§ **What is being asked**: Give the number of lines in the listing that contain the word "fsub", and nothing besides.
Input data section start
Lemma Gamma_approx f : H f -> H (G f) /\ exists s : nat -> Fn, [/\ forall k, kernel_span (s k),
  null_seq (fun k => sqnorm (fsub (s k) f)) & null_seq (fun k => sqnorm (fsub (G (s k)) (G f)))].
Proof.
move=> Hf; have [s [span_s s_cvg]] := dense_seq kernel_span_mem kernel_span_dense Hf.
have Hs k := kernel_span_mem (span_s k).
have HGs k := kernel_span_mem (kernel_span_Gamma (span_s k)).
have [g [Hg Gs_cvg]] : exists g, H g /\ null_seq (fun k => sqnorm (fsub (G (s k)) g)).
  apply: cauchy_sqnorm_cvg => // e /(cvg_cauchy Hs Hf s_cvg) [N0 N0_lt].
  by exists N0 => k l kN lN; rewrite -GammaB sqnorm_Gamma_span ?N0_lt //; apply: kernel_spanB.
have gG := Gamma_lim Hf Hg Hs HGs s_cvg Gs_cvg.
by rewrite -gG; split => //; exists s.
Qed.

Lemma ip_Gamma f g : H f -> H g -> ip (G f) (G g) = ip f g.
Proof.
move=> Hf Hg; have [HGf _] := Gamma_approx Hf.
have [HGg [s [span_s s_cvg Gs_cvg]]] := Gamma_approx Hg.
have Hs k := kernel_span_mem (span_s k).
have HGs k := kernel_span_mem (kernel_span_Gamma (span_s k)).
rewrite (ipC HGg) // [RHS](ipC Hg) //; congr conjc.
apply: (ip_lim _ _ _ _ HGs Hs) => // k.
by rewrite (ipC HGf) // ip_Gamma_span // -ipC.
Qed.

End GammaIsometry.

Lemma quasi_invariant_by_inv A c : linAut Om A -> unitary_mx c ->
  quasi_invariant_by A c -> quasi_invariant_by (invmx A) (adjM c).
Proof.
move=> linA c_unitary c_qinv z w Omz Omw; have unitA := linAut_unit linA.
rewrite invmxK adjMK (c_qinv _ _ (linAut_mulmx linA Omz) (linAut_mulmx linA Omw)) !mulmxK //.
by rewrite !mulmxA unitary_mxV // mul1mx -mulmxA unitary_mxV // mulmx1.
Qed.

Lemma Gamma_unitary A c : linAut Om A -> unitary_mx c ->
  quasi_invariant_by A c -> unitary_op H ip (Gamma A c).
Proof.
move=> linA c_unitary c_qinv; have unitA := linAut_unit linA.
have c'_qinv := quasi_invariant_by_inv linA c_unitary c_qinv.
have c'_unitary := unitary_mx_adj c_unitary.
split => [f Hf|f g _ _|a f _|f g|g Hg].
- by case: (Gamma_approx linA c_unitary c_qinv Hf).
- exact: GammaD.
- exact: GammaZ.
- exact: ip_Gamma.
- exists (Gamma (invmx A) (adjM c) g); rewrite GammaKV //; split => //.
  by case: (Gamma_approx (linAut_inv linA) c'_unitary c'_qinv Hg).
Qed.

(** * Homogeneity and quasi-invariance *)

Lemma kM_eq (A : 'M[C]_d) j (f : Fn) z : kM A j f z = (z *m A) 0 j *: f z.
Proof.
rewrite /kM /Mop; under eq_bigr do rewrite scalerA.
by rewrite -scaler_suml mxE; congr (_ *: _); apply: eq_bigr => i _; rewrite mulrC.
Qed.

Lemma kfun_sum w v :
  kfun w v = (fun z => \sum_(j <- index_enum 'I_n) v j 0 *: kfun w (delta_mx j 0) z).
Proof.
apply/funext => z; have [Omz|Omz] := pselect (Om z); last first.
  by rewrite /kfun ext0_out // big1 // => j _; rewrite ext0_out // scaler0.
rewrite kfunE // {1}(cV_sum_delta v) mulmx_sumr; apply: eq_bigr => j _.
by rewrite kfunE // scalemxAr.
Qed.

Hypothesis M_bdd : M_bounded H ip.

Lemma Mop_mem j f : H f -> H (Mop j f).
Proof. by case: (M_bdd j) => mem _; apply: mem. Qed.

Section HomogeneityMultiplier.
Variables (A : 'M[C]_d) (G Gs : Fn -> Fn).
Hypotheses (linA : linAut Om A) (G_unitary : unitary_op H ip G)
  (Gs_mem : forall f, H f -> H (Gs f))
  (G_adj : forall f g, H f -> H g -> ip (G f) g = ip f (Gs g))
  (G_intertwines : forall j f, H f -> G (kM A j (Gs f)) = Mop j f).
Local Notation B := (invmx A).

Lemma unitary_Mop l h : H h -> G (Mop l h) = (fun z => (z *m B) 0 l *: G h z).
Proof.
move=> Hh; have [_ GD GZ _ _] := G_unitary.
have kM_mem j : H (kM A j h).
  exact: (linear_sum GD GZ (index_enum 'I_d) (A^~ j) (fun i => Mop_mem i Hh)).1.
(* [z_l = sum_j B j l (z A)_j] *)
have -> : Mop l h = (fun z => \sum_(j <- index_enum 'I_d) B j l *: kM A j h z).
  apply/funext => z; under eq_bigr do rewrite kM_eq scalerA.
  rewrite /Mop -scaler_suml; congr (_ *: _).
  rewrite -{1}(mulmxK (linAut_unit linA) z) mxE.
  by apply: eq_bigr => j _; rewrite mulrC.
rewrite (linear_sum GD GZ (index_enum 'I_d) (fun j => B j l) kM_mem).2.
apply/funext => z; rewrite mxE scaler_suml; apply: eq_bigr => j _.
rewrite -{1}(adjoint_unitaryK G_unitary Gs_mem G_adj Hh) G_intertwines.
  by rewrite /Mop scalerA mulrC.
exact: (unitary_mem G_unitary Hh).
Qed.

Lemma adjoint_kfun_eigen w v : Om w ->
  Gs (kfun w v) = kfun (w *m B) (Gs (kfun w v) 0).
Proof.
move=> Omw; have Hk := kfun_mem v Omw.
apply: eigen_kfun; [exact: Gs_mem | exact: linAut_mulmx_inv | move=> j f Hf].
have HGf := unitary_mem G_unitary Hf.
have := unitary_mem G_unitary (Mop_mem j Hf); rewrite unitary_Mop // => HGMf.
rewrite -!G_adj ?unitary_Mop //; last exact: Mop_mem.
by rewrite !ip_kfun // formZ.
Qed.

Definition adjoint_kfun_mx (w : 'rV[C]_d) : 'M[C]_n :=
  \matrix_(i < n, j < n) Gs (kfun w (delta_mx j 0)) 0 i 0.

Lemma adjoint_kfun w v : Om w -> Gs (kfun w v) = kfun (w *m B) (adjoint_kfun_mx w *m v).
Proof.
move=> Omw; rewrite adjoint_kfun_eigen //; congr kfun.
have GsD := adjoint_unitaryD G_unitary Gs_mem G_adj.
have GsZ := adjoint_unitaryZ G_unitary Gs_mem G_adj.
rewrite kfun_sum (linear_sum GsD GsZ _ _ (fun j => kfun_mem _ Omw)).2.
apply/matrixP => i k; rewrite (ord1 k) summxE !mxE; apply: eq_bigr => j _.
by rewrite !mxE mulrC.
Qed.

Lemma kernel_cocycle z w : Om z -> Om w ->
  K z w = adjM (adjoint_kfun_mx z) *m K (z *m B) (w *m B) *m adjoint_kfun_mx w.
Proof.
move=> Omz Omw; apply: eq_mx_forms => v v'.
have [OmzB OmwB] := (linAut_mulmx_inv linA Omz, linAut_mulmx_inv linA Omw).
rewrite -ip_kfun_kfun // -(ip_adjoint_unitary G_unitary Gs_mem G_adj); try exact: kfun_mem.
by rewrite !adjoint_kfun // ip_kfun_kfun // adjM_mul !mulmxA.
Qed.

End HomogeneityMultiplier.

Lemma normalized_cocycle (B : 'M[C]_d) (Phi : 'rV[C]_d -> 'M[C]_n) :
  (forall z, Om z -> Om (z *m B)) ->
  (forall z w, Om z -> Om w -> K z w = adjM (Phi z) *m K (z *m B) (w *m B) *m Phi w) ->
  unitary_mx (adjM (Phi 0)) /\ forall z, Om z -> Phi z = Phi 0.
Proof.
move=> OmB cocycle.
have Phi0V : adjM (Phi 0) *m Phi 0 = 1%:M.
  have := cocycle 0 0 Om0 Om0.
  by rewrite mul0mx !K_normalized // mulmx1 => <-.
split; first by rewrite /unitary_mx adjMK.
move=> z Omz; rewrite -[LHS]adjMK -[RHS]adjMK; congr adjM.
have := cocycle z 0 Omz Om0; have OmzB := OmB z Omz.
rewrite mul0mx !K_normalized // mulmx1 => Phiz.
by rewrite -[LHS]mulmx1 -(mulmx1C Phi0V) mulmxA -Phiz mul1mx.
Qed.

Lemma homogeneous_multiplier A : K_homogeneous Om H ip -> linAut Om A ->
  exists c, unitary_mx c /\ quasi_invariant_by A c.
Proof.
move=> homog linA; have [G [Gs [G_unitary [Gs_mem [G_adj G_int]]]]] := homog A linA.
have [Phi0_unitary Phi_const] := normalized_cocycle (linAut_mulmx_inv linA)
  (kernel_cocycle linA G_unitary Gs_mem G_adj G_int).
exists (adjM (adjoint_kfun_mx Gs 0)); split => // z w Omz Omw.
by rewrite (kernel_cocycle linA G_unitary Gs_mem G_adj G_int) // !Phi_const // adjMK.
Qed.

Definition constant_multiplier_quasi_invariance :=
  exists c : 'M[C]_d -> 'rV[C]_d -> 'M[C]_n,
    (forall A, linAut Om A -> forall z, Om z -> unitary_mx (c A z)) /\
    (forall A, linAut Om A -> forall z z', Om z -> Om z' -> c A z = c A z') /\
    quasi_invariant Om K c.

Definition unitary_Gamma_family :=
  exists c : 'M[C]_d -> 'M[C]_n,
    forall A, linAut Om A -> unitary_mx (c A) /\ unitary_op H ip (Gamma A (c A)).

Lemma homogeneous_quasi_invariance :
  K_homogeneous Om H ip -> constant_multiplier_quasi_invariance.
Proof.
move=> homog.
have c_ex A : exists c, linAut Om A -> unitary_mx c /\ quasi_invariant_by A c.
  have [linA|] := pselect (linAut Om A); last by exists 0.
  by have [c ?] := homogeneous_multiplier homog linA; exists c.
have [c c_spec] := choice c_ex.
exists (fun A _ => c A); split; first by move=> A /c_spec[].
by split => // A /c_spec[].
Qed.

Lemma quasi_invariance_Gamma_unitary :
  constant_multiplier_quasi_invariance -> unitary_Gamma_family.
Proof.
move=> [c [c_unitary [c_const c_qinv]]]; exists (fun A => c A 0) => A linA.
split; first exact: c_unitary.
apply: Gamma_unitary => // [|z w Omz Omw]; first exact: c_unitary.
by rewrite (c_qinv A linA z w Omz Omw) (c_const A linA z 0) // (c_const A linA w 0).
Qed.

Lemma unitary_Gamma_quasi_invariant A c : linAut Om A ->
  unitary_op H ip (Gamma A c) -> quasi_invariant_by A c.
Proof.
move=> linA [HG _ _ G_iso G_onto] z w Omz Omw.
have [OmzB OmwB] := (linAut_mulmx_inv linA Omz, linAut_mulmx_inv linA Omw).
apply: eq_mx_forms => v v'; rewrite -!mulmxA; congr ((_ *m _) 0 0).
have [f [Hf Gf]] := G_onto _ (kfun_mem v Omw).
have f_eq : f = kfun (w *m invmx A) (adjM c *m v).
  apply: ip_inj_r => //; first exact: kfun_mem.
  move=> x Hx; rewrite -G_iso // Gf (ip_kfun v Omw (HG x Hx)) ip_kfun //.
  by rewrite /Gamma form_mulmx.
have := congr1 (fun F => F z) Gf.
by rewrite f_eq /Gamma !kfunE // => <-.
Qed.

Lemma Gamma_unitary_quasi_invariance :
  unitary_Gamma_family -> constant_multiplier_quasi_invariance.
Proof.
move=> [c c_spec]; exists (fun A _ => c A); split; first by move=> A /c_spec[].
split=> // A linA z w Omz Omw; have [_ G_unitary] := c_spec A linA.
exact: unitary_Gamma_quasi_invariant.
Qed.

Lemma unitary_Gamma_homogeneous : unitary_Gamma_family -> K_homogeneous Om H ip.
Proof.
move=> [c c_spec] A linA; have [c_unitary G_unitary] := c_spec A linA.
have unitA := linAut_unit linA.
have [_ _ _ G_iso G_onto] := G_unitary.
exists (Gamma A (c A)), (Gamma (invmx A) (adjM (c A))); split => //.
have Gs_mem f : H f -> H (Gamma (invmx A) (adjM (c A)) f).
  by move=> Hf; have [h [Hh <-]] := G_onto f Hf; rewrite GammaK.
split=> //; split=> [f g Hf Hg|j f Hf].
  by have [h [Hh <-]] := G_onto g Hg; rewrite GammaK // G_iso.
apply/funext => z; rewrite /Gamma kM_eq mulmxKV // invmxK mulmxKV //.
by rewrite -scalemxAr mulmxA c_unitary mul1mx.
Qed.

End FunctionHilbertSpace.

Lemma is_RKHS_split (R : realType) d n (Om : set 'rV[R[i]]_d)
  (H : set ('rV[R[i]]_d -> 'cV[R[i]]_n)) ip (K : 'rV[R[i]]_d -> 'rV[R[i]]_d -> 'M[R[i]]_n) :
  is_RKHS Om H ip K ->
  [/\ lin_closed H, inner_product_on H ip, complete_for H ip,
      forall f, H f -> forall z, ~ Om z -> f z = 0 &
      forall w v, Om w -> H (kfun Om K w v) /\
        forall f, H f -> ip f (kfun Om K w v) = (adjM v *m f w) 0 0].
Proof. by case=> H_lin H_fun ip_inner H_complete K_rep; split => // f /H_fun[]. Qed.

Theorem lemma2p2 (R : realType) (d n : nat) (Omega : set 'rV[R[i]]_d)
  (H : set ('rV[R[i]]_d -> 'cV[R[i]]_n))
  (ip : ('rV[R[i]]_d -> 'cV[R[i]]_n) -> ('rV[R[i]]_d -> 'cV[R[i]]_n) -> R[i])
  (K : 'rV[R[i]]_d -> 'rV[R[i]]_d -> 'M[R[i]]_n) :
  irreducible_BSD Omega ->
  circular_at_0 Omega ->
  is_RKHS Omega H ip K ->
  poly_dense Omega H ip ->
  M_bounded H ip ->
  (forall z, Omega z -> K z 0 = 1%:M) ->
  [/\ (* (1) <-> (2) *)
      K_homogeneous Omega H ip <->
      (exists c : 'M[R[i]]_d -> 'rV[R[i]]_d -> 'M[R[i]]_n,
         (forall A, linAut Omega A -> forall z, Omega z -> unitary_mx (c A z)) /\
         (forall A, linAut Omega A -> forall z z', Omega z -> Omega z' ->
            c A z = c A z') /\
         quasi_invariant Omega K c)
    & (* (2) <-> (3) *)
      (exists c : 'M[R[i]]_d -> 'rV[R[i]]_d -> 'M[R[i]]_n,
         (forall A, linAut Omega A -> forall z, Omega z -> unitary_mx (c A z)) /\
         (forall A, linAut Omega A -> forall z z', Omega z -> Omega z' ->
            c A z = c A z') /\
         quasi_invariant Omega K c) <->
      (exists c : 'M[R[i]]_d -> 'M[R[i]]_n,
         forall A, linAut Omega A ->
           unitary_mx (c A) /\
           unitary_op H ip (fun f z => c A *m f (z *m invmx A)))].
Proof.
move=> _ [Om0 _] RKHS polys M_bdd K_normalized.
have [H_lin ip_inner H_complete H_supp K_rep] := is_RKHS_split RKHS.
have to_Gamma := quasi_invariance_Gamma_unitary H_lin ip_inner H_complete H_supp K_rep Om0.
have of_Gamma := Gamma_unitary_quasi_invariance H_lin ip_inner K_rep.
split; split => [homog | qinv].
- exact: (homogeneous_quasi_invariance H_lin ip_inner K_rep polys Om0 K_normalized M_bdd homog).
- exact/unitary_Gamma_homogeneous/to_Gamma.
- exact: to_Gamma.
- exact: of_Gamma.
Qed.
Input data section end
§ **Expected answer**: 2